Lemma Csum_ext n f g : (forall i, (i < n)%nat -> f i = g i) -> Csum n f = Csum n g.
Proof. induction n; simpl; intros H; auto. rewrite IHn, H by (intros; try apply H; lia). auto. Qed.
Lemma Csum_zero n f : (forall i, (i < n)%nat -> f i = Czero) -> Csum n f = Czero.
Proof. induction n; simpl; intros H; auto. rewrite IHn, H by (intros; try apply H; lia). ring. Qed.
Lemma Csum_add n f g : Csum n (fun i => Cadd (f i) (g i)) = Cadd (Csum n f) (Csum n g).
Proof. induction n; simpl. ring. rewrite IHn; ring. Qed.
Lemma Csum_mul_l n c f : Csum n (fun i => Cmul c (f i)) = Cmul c (Csum n f).
Proof. induction n; simpl. ring. rewrite IHn; ring. Qed.
Lemma Csum_opp n f : Csum n (fun i => Copp (f i)) = Copp (Csum n f).
Proof. induction n; simpl. ring. rewrite IHn; ring. Qed.
Lemma Csum_conj n f : Cconj (Csum n f) = Csum n (fun i => Cconj (f i)).
Proof. induction n; simpl. apply Cconj_zero. rewrite Cconj_add, IHn; auto. Qed.
Lemma Csum_swap n m g :
  Csum n (fun i => Csum m (fun j => g i j)) = Csum m (fun j => Csum n (fun i => g i j)).
Proof. induction n; simpl. symmetry; apply Csum_zero; auto. rewrite IHn, <- Csum_add. auto. Qed.
Lemma Csum_delta n k g :
  (k < n)%nat -> Csum n (fun j => if Nat.eqb k j then g j else Czero) = g k.
Proof.
  induction n; intros Hk; [lia|]. simpl.
  destruct (Nat.eqb_spec k n).
  - subst. rewrite Csum_zero. ring. intros i Hi. destruct (Nat.eqb_spec n i); [lia|auto].
  - rewrite IHn by lia. ring.
Qed.
Lemma root_fork_values w0 w1 a : nth (l1 - 1) a false = true -> nth l1 a false = true ->
  move_value w0 w1 l1 false false GoL = w0 + w1 + root_left_value w0 w1 /\
  move_value w0 w1 l1 false false GoR = w0 + w1 + root_right_value w0 w1 /\
  best_next w0 w1 l1 false false a = w0 + w1 + (root_left_value w0 w1 + root_right_value w0 w1) / 2.
Proof.
  intros HaL HaR. unfold move_value, best_next, potential, unfound_weight.
  rewrite HaL, HaR, Nat.ltb_irrefl. cbn [step_pos edge_of is_move orb andb].
  unfold root_left_value, root_right_value. repeat split; nat_cases; inr_simpl;
  position_facts l1 l1 l2; try ring.
Qed.


(** A depth-first search passes through five phases; in each
    of them the set of traversed edges is an explicit interval determined by the position, and the
    outgoing edges still to explore depend only on the reduced state.  Consequently a depth-first
    strategy plays [greedy_move], except at the root fork or after both leaf edges are found. *)


Definition traversed (h : hist) (e : nat) : bool := mem_nat e (crossed l1 h).

Definition left_open (h : hist) : bool :=
  let v := pos_after l1 h in (0 <? v)%nat && (v <=? l1)%nat && negb (traversed h (v - 1)).
Definition right_open (h : hist) : bool :=
  let v := pos_after l1 h in (l1 <=? v)%nat && (v <? L)%nat && negb (traversed h v).

Lemma untrav_out_open h :
  untrav_out L l1 h = (if left_open h then [GoL] else []) ++ (if right_open h then [GoR] else []).
Proof.
  unfold untrav_out, left_open, right_open, traversed, outgoing. cbv zeta.
  generalize (pos_after l1 h) as v. intros v.
  nat_cases; cbn [filter edge_of];
  repeat match goal with |- context [(?a <=? ?b)%nat] => destruct (Nat.leb_spec a b); try lia end;
  cbn [andb]; try (subst v);
  repeat match goal with |- context [mem_nat ?e (crossed l1 h)] =>
    destruct (mem_nat e (crossed l1 h)) end;
  reflexivity.
Qed.

Lemma active_untrav_out_open h a : active_untrav_out L l1 h a =
  (if left_open h && nth (pos_after l1 h - 1) a false then [GoL] else []) ++
  (if right_open h && nth (pos_after l1 h) a false then [GoR] else []).
Proof.
  unfold active_untrav_out. rewrite untrav_out_open. unfold left_open, right_open. cbv zeta.
  generalize (pos_after l1 h) as v. intros v.
  destruct ((0 <? v)%nat) eqn:E1; destruct (v <=? l1)%nat; destruct (traversed h (v - 1));
  destruct (l1 <=? v)%nat; destruct (v <? L)%nat eqn:E2; destruct (traversed h v);
  cbn [andb negb app filter]; unfold feasb, edge_active; rewrite ?E1, ?E2; cbn [andb app filter];
  repeat match goal with |- context [nth ?j a false] => destruct (nth j a false) end; reflexivity.
Qed.

Lemma dfs_behaviour s h a x : is_DFS L l1 s -> s h a x <> 0 ->
  let v := pos_after l1 h in
  let aL := nth (v - 1) a false in
  let aR := nth v a false in
  (left_open h && aL = true /\ x = GoL) \/ (right_open h && aR = true /\ x = GoR) \/
  (left_open h && aL = false /\ right_open h && aR = false /\
     left_open h || right_open h = true /\ x = Wait) \/
  (left_open h = false /\ right_open h = false /\
    ((v = l1 /\ x = Wait) \/
     ((v < l1)%nat /\ ((feasb L a v GoR = true /\ x = GoR) \/ (feasb L a v GoR = false /\ x = Wait))) \/
     ((l1 < v)%nat /\ ((feasb L a v GoL = true /\ x = GoL) \/ (feasb L a v GoL = false /\ x = Wait))))).
Proof.
  intros [Hval HDh] Hx. cbv zeta. specialize (HDh h a). cbv zeta in HDh.
  destruct HDh as [D1 [D2 D3]]. rewrite active_untrav_out_open in D1, D2.
  rewrite untrav_out_open in D2, D3.
  pose proof (s_support_single L l1 s Hval h a x) as Single.
  assert (InUA : forall l, (l <> [] -> forall y, act_mem y l = false -> s h a y = 0) ->
    l <> [] -> act_mem x l = true).
  { intros l D Hne. destruct (act_mem x l) eqn:E; [reflexivity|]. exfalso. apply Hx, D; auto. }
  destruct (left_open h && nth (pos_after l1 h - 1) a false) eqn:EL.
  - specialize (InUA _ D1 ltac:(intro Hnil; simpl in Hnil; discriminate)).
    destruct (right_open h && nth (pos_after l1 h) a false); destruct x; simpl in InUA;
      try discriminate; auto.
  - destruct (right_open h && nth (pos_after l1 h) a false) eqn:ER.
    + specialize (InUA _ D1 ltac:(intro Hnil; simpl in Hnil; discriminate)).
      destruct x; simpl in InUA; try discriminate; auto.
    + destruct (left_open h || right_open h) eqn:EU.
      * right; right; left. repeat split; auto. apply Single; [|exact Hx].
        apply D2; [reflexivity|].
        destruct (left_open h), (right_open h); simpl in *; discriminate.
      * right; right; right. apply orb_false_iff in EU. destruct EU as [E1 E2].
        rewrite E1, E2 in D3. specialize (D3 eq_refl).
        split; auto. split; auto. unfold back in D3.
        destruct (Nat.eqb_spec (pos_after l1 h) l1); [left; auto|].
        destruct (Nat.ltb_spec (pos_after l1 h) l1); [right; left|right; right];
          (split; [lia|]); destruct D3 as [F1 F2];
          match type of F1 with feasb _ _ _ ?b = true -> _ =>
            destruct (feasb L a (pos_after l1 h) b); [left|right]; auto end.
Qed.

(* The five phases of a depth-first search, described by the position [v] and the predicate [cr]
   of traversed edges: exploring the left branch first; exploring the right branch first; left
   leaf found (returning to the root, then exploring the right branch); right leaf found;
   everything traversed. *)
Definition dfs_phase (v : nat) (cr : nat -> bool) : Prop :=
  ((1 <= v <= l1)%nat /\ forall e, cr e = true <-> (v <= e < l1)%nat) \/
  ((l1 < v <= L - 1)%nat /\ forall e, cr e = true <-> (l1 <= e < v)%nat) \/
  ((v <= L - 1)%nat /\ forall e, cr e = true <-> (e < Nat.max v l1)%nat) \/
  ((1 <= v <= L)%nat /\ forall e, cr e = true <-> (Nat.min v l1 <= e < L)%nat) \/
  ((v <= L)%nat /\ forall e, cr e = true <-> (e < L)%nat).

Lemma dfs_phase_ext v f g : (forall e, f e = g e) -> dfs_phase v f -> dfs_phase v g.
Proof.
  intros H HI. unfold dfs_phase in *.
  destruct HI as [[Hb Hcr]|[[Hb Hcr]|[[Hb Hcr]|[[Hb Hcr]|[Hb Hcr]]]]];
  [left|right;left|right;right;left|right;right;right;left|right;right;right;right];
  (split; [exact Hb|]); intros e; rewrite <- H; apply Hcr.
Qed.

Lemma dfs_phase_init : dfs_phase l1 (fun e => mem_nat e []).
Proof. left. split; [lia|]. intros e. simpl. split; intros H; [discriminate|lia]. Qed.

Lemma dfs_phase_consistent v cr : dfs_phase v cr -> consistent_state v (cr 0%nat) (cr (L - 1)%nat).
Proof.
  unfold consistent_state; intros [[Hb Hcr]|[[Hb Hcr]|[[Hb Hcr]|[[Hb Hcr]|[Hb Hcr]]]]];
  (split; [lia|split]); intros E;
  first [ apply Hcr; lia | exfalso; lia ].
Qed.

(* in every phase, an outgoing edge is open iff the leaf edge on its side is unfound *)
Lemma dfs_phase_open v cr : dfs_phase v cr ->
  (0 <? v)%nat && (v <=? l1)%nat && negb (cr (v - 1)%nat) =
    (0 <? v)%nat && (v <=? l1)%nat && negb (cr 0%nat) /\
  (l1 <=? v)%nat && (v <? L)%nat && negb (cr v) =
    (l1 <=? v)%nat && (v <? L)%nat && negb (cr (L - 1)%nat).
Proof.
  intros HI. split;
  (destruct (Nat.ltb_spec 0 v); destruct (Nat.leb_spec v l1); destruct (Nat.leb_spec l1 v);
   destruct (Nat.ltb_spec v L); cbn [andb]; try reflexivity; f_equal;
   destruct HI as [[Hb Hcr]|[[Hb Hcr]|[[Hb Hcr]|[[Hb Hcr]|[Hb Hcr]]]]];
   apply eq_true_iff_eq; rewrite !Hcr; lia).
Qed.

Lemma dfs_support s h a x : is_DFS L l1 s -> dfs_phase (pos_after l1 h) (traversed h) ->
  s h a x <> 0 ->
  let v := pos_after l1 h in
  let c0 := traversed h 0 in
  let c1 := traversed h (L - 1) in
  c0 && c1 = true \/ (root_fork v c0 c1 a = true /\ x <> Wait) \/
  x = greedy_move v c0 c1 a.
Proof.
  intros HD HI Hx. pose proof (dfs_behaviour s h a x HD Hx) as B.
  destruct (dfs_phase_consistent _ _ HI) as [HvL [H0 HL]].
  destruct (dfs_phase_open _ _ HI) as [OL OR].
  unfold left_open, right_open in B. cbv zeta in *. rewrite OL, OR in B. clear HI OL OR.
  unfold greedy_move, root_fork, feasb, edge_active in *.
  set (v := pos_after l1 h) in *. clearbody v.
  destruct (traversed h 0), (traversed h (L - 1)); cbn [andb negb] in *; auto; right;
  destruct (Nat.ltb_spec 0 v); destruct (Nat.leb_spec v l1); destruct (Nat.leb_spec l1 v);
  destruct (Nat.ltb_spec v L); destruct (Nat.ltb_spec v l1); destruct (Nat.ltb_spec l1 v);
  destruct (Nat.eqb_spec v l1); try lia; try subst v;
  repeat match goal with |- context [nth ?j a false] => destruct (nth j a false) end;
  cbn [andb orb negb] in *;
  destruct B as [[B1 ->]|[[B1 ->]|[[B1 [B2 [B3 ->]]]|
    [B1 [B2 [[B3 ->]|[[B3 [[B4 ->]|[B4 ->]]]|[B3 [[B4 ->]|[B4 ->]]]]]]]]]];
  try discriminate; try lia; auto; left; split; auto; discriminate.
Qed.

Ltac phase_facts Hcr :=
  repeat match goal with
  | H : (_ && _) = true |- _ => apply andb_prop in H; destruct H
  | H : (_ || _) = true |- _ => apply orb_true_iff in H; destruct H
  | H : _ = true \/ _ |- _ => destruct H
  | H : (_ <? _)%nat = true |- _ => apply Nat.ltb_lt in H
  | H : ?cr ?e = true |- _ => apply Hcr in H
  | H : ?cr ?e = false |- _ => rewrite <- not_true_iff_false, Hcr in H
  end.

Ltac phase_goal Hcr :=
  let solve_iff := (let e := fresh "e" in intro e; cbv beta;
    rewrite ?orb_false_r, ?orb_true_iff, ?Nat.eqb_eq, Hcr; lia) in
  unfold dfs_phase; cbn [step_pos is_move andb edge_of];
  first [ left; split; [lia | solve_iff]
        | right; left; split; [lia | solve_iff]
        | right; right; left; split; [lia | solve_iff]
        | right; right; right; left; split; [lia | solve_iff]
        | right; right; right; right; split; [lia | solve_iff] ].

Lemma dfs_direction v c0 c1 a x : consistent_state v c0 c1 ->
  (c0 && c1 = true \/ (root_fork v c0 c1 a = true /\ x <> Wait) \/
   x = greedy_move v c0 c1 a) ->
  (x = GoL -> c0 && c1 = true \/ (c0 = false /\ (c1 = true \/ (v <= l1)%nat))) /\
  (x = GoR -> c0 && c1 = true \/ (c1 = false /\ (c0 = true \/ (l1 <= v)%nat))).
Proof.
  intros [HvL [H0 HL]] [Hdone|[[Hfork Hnw]| ->]].
  - split; intros; left; exact Hdone.
  - unfold root_fork in Hfork. destruct (Nat.eqb_spec v l1); [|discriminate].
    destruct c0, c1; cbn in Hfork; try discriminate.
    split; intros; right; split; auto; lia.
  - unfold greedy_move, feasb, edge_active. destruct c0, c1; [split; intros; left; reflexivity|..];
    nat_cases; repeat match goal with |- context [nth ?j a false] => destruct (nth j a false) end;
    cbn; split; intros E; try discriminate; right; split; auto; lia.
Qed.

Lemma dfs_phase_step v cr a x : dfs_phase v cr -> feasb L a v x = true ->
  (cr 0%nat && cr (L - 1)%nat = true \/
   (root_fork v (cr 0%nat) (cr (L - 1)%nat) a = true /\ x <> Wait) \/
   x = greedy_move v (cr 0%nat) (cr (L - 1)%nat) a) ->
  dfs_phase (step_pos v x) (fun e => cr e || is_move x && (e =? edge_of v x)%nat).
Proof.
  intros HI Hf Hx.
  destruct (dfs_direction v _ _ a x (dfs_phase_consistent v cr HI) Hx) as [DL DR].
  destruct x; cbn [feasb] in Hf.
  - apply (dfs_phase_ext v cr); [|exact HI]. intros e. simpl. rewrite orb_false_r. reflexivity.
  - apply andb_prop in Hf as [Hv _]. apply Nat.ltb_lt in Hv.
    destruct (DL eq_refl) as [Hd|[Hc0 Hc1]];
    destruct HI as [[Hb Hcr]|[[Hb Hcr]|[[Hb Hcr]|[[Hb Hcr]|[Hb Hcr]]]]]; phase_facts Hcr; try lia;
    first [ phase_goal Hcr
          | destruct (Nat.eq_dec v 1); phase_goal Hcr
          | destruct (Nat.eq_dec v l1); phase_goal Hcr
          | destruct (Nat.eq_dec v (l1 + 1)); phase_goal Hcr ].
  - apply andb_prop in Hf as [Hv _]. apply Nat.ltb_lt in Hv.
    destruct (DR eq_refl) as [Hd|[Hc1 Hc0]];
    destruct HI as [[Hb Hcr]|[[Hb Hcr]|[[Hb Hcr]|[[Hb Hcr]|[Hb Hcr]]]]]; phase_facts Hcr; try lia;
    first [ phase_goal Hcr
          | destruct (Nat.eq_dec (v + 1) L); phase_goal Hcr
          | destruct (Nat.eq_dec v l1); phase_goal Hcr
          | destruct (Nat.eq_dec (v + 1) l1); phase_goal Hcr ].
Qed.


(** The cost of a stage is the weight of the unfound leaf edges;
    in expectation the potential drops by at most this cost at every stage, whatever the searcher
    does (for the weights of eps* ), and by exactly this cost under a depth-first strategy. *)

Definition hist_potential (w0 w1 : R) (h : hist) : R :=
  potential w0 w1 (pos_after l1 h) (traversed h 0) (traversed h (L - 1)).
Definition hist_weight (w0 w1 : R) (h : hist) : R :=
  unfound_weight w0 w1 (traversed h 0) (traversed h (L - 1)).
Definition hist_consistent (h : hist) : Prop :=
  consistent_state (pos_after l1 h) (traversed h 0) (traversed h (L - 1)).
Definition hist_phase (h : hist) : Prop := dfs_phase (pos_after l1 h) (traversed h).

Lemma traversed_snoc h a x e : traversed (h ++ [(a, x)]) e =
  traversed h e || is_move x && (e =? edge_of (pos_after l1 h) x)%nat.
Proof. apply crossed_snoc. Qed.

Lemma move_value_snoc w0 w1 h a x :
  move_value w0 w1 (pos_after l1 h) (traversed h 0) (traversed h (L - 1)) x =
  hist_weight w0 w1 h + hist_potential w0 w1 (h ++ [(a, x)]).
Proof.
  unfold move_value, hist_weight, hist_potential. rewrite pos_after_snoc, !traversed_snoc.
  reflexivity.
Qed.

Lemma next_exp_potential s w0 w1 h : valid_strategy L l1 s ->
  next_exp L p s (hist_potential w0 w1) h =
  lsum (all_cfgs L) (fun a => cfg_prob p a *
    (act_mean s h a (move_value w0 w1 (pos_after l1 h) (traversed h 0) (traversed h (L - 1)))
     - hist_weight w0 w1 h)).
Proof.
  intros Hs. unfold next_exp. apply lsum_ext. intros a _. f_equal.
  replace (act_mean s h a (move_value w0 w1 (pos_after l1 h) (traversed h 0) (traversed h (L - 1))))
    with (act_mean s h a (fun x => hist_weight w0 w1 h + hist_potential w0 w1 (h ++ [(a, x)])))
    by (unfold act_mean; rewrite !(move_value_snoc w0 w1 h a); reflexivity).
  rewrite (act_mean_plus_const L l1 s Hs). ring.
Qed.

YOUR TASK:
Transcribe the opening lines of the listing exactly, please. Stop after the line that contains "lia). auto. Qed.".

ANSWER:
Lemma Csum_ext n f g : (forall i, (i < n)%nat -> f i = g i) -> Csum n f = Csum n g.
Proof. induction n; simpl; intros H; auto. rewrite IHn, H by (intros; try apply H; lia). auto. Qed.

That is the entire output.